Ma non solo: a causa del blocco del turn over è esplosa l’età media nel sistema sanitario, ben oltre quella registrata nell’intera Pa. Si sfonda infatti quota 50,1 anni e le proiezioni del conto annuale la collocano a 54,3 nel 2020. Proprio in ragione di questi dati, ovvero “blocco del turn over, emorragia occupazionale e esplosione dell’età media”, aumenta il ricorso a forme di lavoro precarie nel servizio sanitario nazionale.
Dai dati rielaborati dalla Fp Cgil emerge che cresce tra il 2014 e il 2015 la quota di personale non stabile (tempi determinati e formazione lavoro, interniali e co.co.co) di circa 3.500 unità per complessivi 43.763 lavoratori. Cala invece il ricorso a consulenze ma allo stesso tempo aumenta la spesa complessiva che arriva a 230 milioni di euro. In questo quadro si inserisce lo stato dei servizi ai cittadini e del finanziamento al servizio sanitario nazionale, giudicato “insufficiente e costantemente ridotto” e il bisogno dello sblocco del turn over.
Risorse e nuovi Lea – Se l’approvazione dei nuovi Lea, “auspicata da lungo tempo”, è per la Fp Cgil “un passo avanti per avere prestazioni in linea con i bisogni dei cittadini, è necessario però rivedere le attuali organizzazioni del lavoro, in estrema sofferenza in molti territori, e fissare adeguati standard minimi di personale in maniera omogenea e uniforme su tutto il territorio nazionale, sui quali programmare coerentemente le assunzioni di personale, a prescindere dalle inevitabili specificità territoriali”.
Per il sindacato “non è più possibile aspettare oltre per scongiurare l’eventualità che l’aumento delle prestazioni da garantire ai cittadini, con l’attuale scarsità di risorse complessive, arrivi a creare una effettiva selezione delle prestazioni, con il rischio concreto di non poterle garantire e non solo nell’immediato. Proviamo, per esempio, a pensare al trattamento delle ludopatie, introdotto dal nuovo DPCM: siamo sicuri che nei servizi ci sia un numero adeguato di personale formato?
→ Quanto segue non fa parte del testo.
(* Let $G$ be a finite simple graph of order $n$ having no connected component of order less than $3$, and let $\mathcal{G}$ be an arbitrary Abelian group of order at least $\Delta(G)+\mathrm{col}(G)+1$. Then there exists a labeling $f\colon E(G)\to\mathcal{G}$ with $f(e)\neq 0$ for all edges $e$, $w_f(v)\neq 0$ for all vertices $v$, and $w_f(u)\neq w_f(v)$ for every edge $uv$.
   Context: $w_f(v)=\sum_{u\in N(v)}f(uv)$ (sum in $\mathcal{G}$, identity $0$). $\Delta(G)$ is the maximum degree; the coloring number $\mathrm{col}(G)$ is the least $k$ such that every subgraph of $G$ has minimum degree less than $k$. *)

From mathcomp Require Import all_boot all_order all_algebra.
Set Implicit Arguments. Unset Strict Implicit. Unset Printing Implicit Defensive.
Import GRing.Theory.

Definition simple_graph (T : finType) (e : rel T) : Prop :=
  symmetric e /\ irreflexive e.

Definition deg (T : finType) (e : rel T) (v : T) : nat := #|[set u | e v u]|.

Definition max_deg (T : finType) (e : rel T) : nat := \max_(v : T) deg e v.

(* A (not necessarily induced) subgraph H = (S, F) of G: a vertex set S and a
   symmetric set F of ordered pairs (both orientations of each edge of H),
   every pair of which is an edge of G with both ends in S. *)
Definition is_subgraph (T : finType) (e : rel T) (S : {set T}) (F : {set T * T}) : bool :=
  [forall p : T * T, (p \in F) ==>
     [&& p.1 \in S, p.2 \in S, e p.1 p.2 & ((p.2, p.1) \in F)]].

Definition sub_deg (T : finType) (F : {set T * T}) (v : T) : nat :=
  #|[set u | (v, u) \in F]|.

Definition col_bound (T : finType) (e : rel T) (k : nat) : Prop :=
  forall (S : {set T}) (F : {set T * T}),
    S != set0 -> is_subgraph e S F -> exists2 v, v \in S & sub_deg F v < k.

Definition is_coloring_number (T : finType) (e : rel T) (k : nat) : Prop :=
  col_bound e k /\ forall j, col_bound e j -> k <= j.

Definition components_at_least3 (T : finType) (e : rel T) : Prop :=
  forall v : T, 3 <= #|[set u | connect e v u]|.

Definition wsum (T : finType) (M : zmodType) (e : rel T) (f : T -> T -> M) (v : T) : M :=
  (\sum_(u | e v u) f v u)%R.

Definition order_at_least (M : Type) (k : nat) : Prop :=
  exists g : 'I_k -> M, injective g.

(* Root every connected component at a vertex of degree less than [col] and
   take a breadth-first spanning forest.  Give every non-forest edge a fixed
   nonzero label, then label the forest edges one at a time by decreasing
   distance to the roots: the edge from a vertex to its parent is labelled once
   all its children are done.  Labelling [uv] by [x] adds [x] to the weights of
   [u] and [v]; [x] avoids 0 and the values that would give a newly saturated
   vertex (all incident edges labelled) weight 0 or the weight of a saturated
   neighbour, or give equal weights to the ends of an unlabelled edge whose
   other incident edges are all labelled, since those could never be separated
   later.  The parent edge of a non-root [z] forbids at most [deg z + 2] values,
   which is at most [Delta + col] because roots have neighbours, so [col >= 2];
   the last edge [za] at a root [a] saturates both ends and forbids at most
   [1 + deg z + deg a <= Delta + col] values.  Components of order at least 3
   make the invariant hold before the first step. *)

From mathcomp Require Import all_boot all_order all_algebra.
From mathcomp Require Import zify.
Set Implicit Arguments. Unset Strict Implicit. Unset Printing Implicit Defensive.
Import GRing.Theory.

Lemma fresh_of_order (M : eqType) k (s : seq M) :
  order_at_least M k -> size s < k -> exists x, x \notin s.
Proof.
move=> [g g_inj] lt_s_k; have [i /= gi_s | all_in] := pickP [pred i | g i \notin s].
  by exists (g i).
suff: k <= size s by rewrite leqNgt lt_s_k.
rewrite -[k in k <= _]size_enum_ord -(size_map g); apply: uniq_leq_size.
  by rewrite map_inj_uniq ?enum_uniq.
by move=> _ /mapP [i _ ->]; apply: contraFT (all_in i) => /= ->.
Qed.

Local Open Scope ring_scope.

Section Labelling.
Variables (T : finType) (e : rel T) (M : zmodType).
Hypotheses (e_sym : symmetric e) (e_irr : irreflexive e).
Implicit Types (f g : T -> T -> M) (X : seq T) (x : M).

Definition saturated_off f u X := [forall y, e u y ==> (y \in X) || (f u y != 0)].

(* The second clause also constrains an unlabelled edge [uv] whose other
   incident edges are all labelled: labelling [uv] adds the same value to both
   weights. *)
Definition admissible f :=
  (forall v, saturated_off f v [::] -> wsum e f v != 0) /\
  (forall u v, e u v -> saturated_off f u [:: v] -> saturated_off f v [:: u] ->
     wsum e f u != wsum e f v).

Definition set_edge f u v x : T -> T -> M :=
  fun a b => if ((a == u) && (b == v)) || ((a == v) && (b == u)) then x else f a b.

Lemma adj_neq u v : e u v -> u != v.
Proof. by apply: contraTneq => ->; rewrite e_irr. Qed.

Lemma set_edgeC f u v x : set_edge f u v x =2 set_edge f v u x.
Proof. by move=> a b; rewrite /set_edge orbC. Qed.

Lemma set_edge_sym f u v x :
  (forall a b, f a b = f b a) -> forall a b, set_edge f u v x a b = set_edge f u v x b a.
Proof.
move=> f_sym a b; rewrite /set_edge f_sym.
by case: (a == u); case: (a == v); case: (b == u); case: (b == v).
Qed.

Lemma set_edge_id f u v x w y : w != u -> w != v -> set_edge f u v x w y = f w y.
Proof. by move=> wu wv; rewrite /set_edge (negbTE wu) (negbTE wv). Qed.

Lemma eq_wsum f g v : f =2 g -> wsum e f v = wsum e g v.
Proof. by move=> fg; apply: eq_bigr => y _; rewrite fg. Qed.

Lemma eq_saturated_off f g u X : f =2 g -> saturated_off f u X = saturated_off g u X.
Proof. by move=> fg; apply: eq_forallb => y; rewrite fg. Qed.

Lemma saturated_off_dup f u y : saturated_off f u [:: y; y] = saturated_off f u [:: y].
Proof. by apply: eq_forallb => z; rewrite !inE orbb. Qed.

Lemma wsum_set_edge_id f u v x w :
  w != u -> w != v -> wsum e (set_edge f u v x) w = wsum e f w.
Proof. by move=> wu wv; apply: eq_bigr => y _; rewrite set_edge_id. Qed.

Lemma saturated_off_set_edge_id f u v x w X :
  w != u -> w != v -> saturated_off (set_edge f u v x) w X = saturated_off f w X.
Proof. by move=> wu wv; apply: eq_forallb => y; rewrite set_edge_id. Qed.

Lemma wsum_set_edge f u v x :
  e u v -> f u v = 0 -> wsum e (set_edge f u v x) u = wsum e f u + x.
Proof.
move=> euv fuv; rewrite /wsum (bigD1 v) // [in RHS](bigD1 v) //= fuv add0r addrC.
congr (_ + _); last by rewrite /set_edge !eqxx.
apply: eq_bigr => y /andP [_ yv].
by rewrite /set_edge eqxx (negbTE yv) (negbTE (adj_neq euv)).
Qed.

Lemma saturated_off_set_edge f u v x X : e u v -> x != 0 ->
  saturated_off (set_edge f u v x) u X = saturated_off f u (v :: X).
Proof.
move=> euv x0; apply: eq_forallb => y; rewrite /set_edge inE eqxx (negbTE (adj_neq euv)) /=.
by case: (y == v); rewrite /= ?x0 ?orbT.
Qed.

(* [forbidden f u v] lists the labels of [uv] that would break [admissible]
   at [u]; the [critical] vertices are the neighbours that could tie with [u]. *)
Definition critical f u v : pred T :=
  [pred t | [&& e u t, t != v, saturated_off f u [:: v; t] & saturated_off f t [:: u]]].

Definition forbidden f u v : seq M :=
  (if saturated_off f u [:: v] then [:: - wsum e f u] else [::]) ++
  [seq wsum e f t - wsum e f u | t <- enum (critical f u v)].

Definition cost f u v : nat := if saturated_off f u [:: v] then deg e u else 1%N.

Lemma cost_le_deg f u v : e u v -> (cost f u v <= deg e u)%N.
Proof.
by move=> euv; rewrite /cost; case: ifP => // _; apply/card_gt0P; exists v; rewrite inE.
Qed.

(* When [u] has a second unlabelled edge [u t0], the only critical vertex is [t0]. *)
Lemma size_forbidden f u v : e u v -> (size (forbidden f u v) <= cost f u v)%N.
Proof.
move=> euv; rewrite /forbidden /cost size_cat size_map -cardE.
case: ifP => [_ | /negbT /forallPn [t0]].
  rewrite /deg (cardsD1 v) inE euv leq_add2l; apply: subset_leq_card.
  by apply/subsetP => t /and4P [eut tv _ _]; rewrite !inE eut tv.
rewrite negb_imply negb_or !inE => /and3P [eut0 t0v /negPn /eqP ft0].
rewrite add0n -(cards1 t0); apply: subset_leq_card; apply/subsetP => t /and4P [_ _ /forallP sat _].
move: (sat t0); rewrite eut0 ft0 eqxx !inE (negbTE t0v) orbF /=.
by rewrite eq_sym => ->.
Qed.

Lemma forbiddenP f u v x : x \notin forbidden f u v ->
  (saturated_off f u [:: v] -> wsum e f u + x != 0) /\
  (forall t, critical f u v t -> wsum e f u + x != wsum e f t).
Proof.
rewrite mem_cat negb_or => /andP [x_sat x_crit]; split.
  by move=> sat; move: x_sat; rewrite sat inE addrC addr_eq0.
move=> t crit_t; apply: contra x_crit => /eqP wt; apply/mapP; exists t.
  by rewrite mem_enum.
by rewrite -wt addrAC subrr add0r.
Qed.

Lemma set_edge_separates f u v x t :
  admissible f -> e u v -> f u v = 0 -> f v u = 0 -> x != 0 -> x \notin forbidden f u v ->
  e u t -> saturated_off (set_edge f u v x) u [:: t] ->
  saturated_off (set_edge f u v x) t [:: u] ->
  wsum e (set_edge f u v x) u != wsum e (set_edge f u v x) t.
Proof.
move=> [_ adm_sep] euv fuv fvu x0 x_forb eut.
rewrite saturated_off_set_edge // wsum_set_edge //.
have [-> | tv] := eqVneq t v.
  have evu : e v u by rewrite e_sym.
  rewrite (eq_saturated_off _ _ (set_edgeC f u v x)) (eq_wsum _ (set_edgeC f u v x)).
  rewrite saturated_off_set_edge // wsum_set_edge // (inj_eq (addIr x)).
  by rewrite !saturated_off_dup; exact: adm_sep.
have tu : t != u by rewrite eq_sym adj_neq.
rewrite saturated_off_set_edge_id // wsum_set_edge_id // => sat_u sat_t.
by apply: (forbiddenP x_forb).2; rewrite /critical /= eut tv sat_u sat_t.
Qed.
O è necessario pensare sin da subito ad assumere ed a programmare interventi formativi mirati?”.
Secondo la categoria dei servizi pubblici della Cgil è urgente superare il blocco del turn over, “anche nelle regioni soggette a piano di rientro, per garantire servizi ai cittadini e assicurare il funzionamento dei nuovi Lea. Così come non è più rinviabile una riorganizzazione complessiva che guardi all’uniformità nazionale delle prestazioni per recuperare la marcata frantumazione del Servizio sanitario nazionale che ha prodotto enormi differenze fra sistemi regionali/territoriali, per costruire l’effettiva garanzia dei Lea, vecchi e nuovi. Affinché tutte le nuove attività previste, o anche solo la parziale modifica di quelle già in essere, possano essere svolte con capacità e competenza, bisogna investire con l’attuazione di un adeguato piano di formazione rivolto a tutto il personale del Servizio Sanitario Nazionale”.
Infine, per la Fp Cgil “bisogna arrivare al più presto alla definizione dei corrispondenti livelli essenziali per l’assistenza sociale e sociosanitaria, per concretizzare quell’integrazione dei servizi di welfare alla persona prevista da quasi vent’anni e mai attuata, rendendo finalmente esigibile e uniforme quel diritto alla salute che è costituzionalmente garantito”. Per tutti questi motivi la Funzione Pubblica Cgil chiede che “il Comitato Lea si confronti, in modo permanente, con le rappresentanze sindacali dei lavoratori, evitando così di parlare di cose astratte”.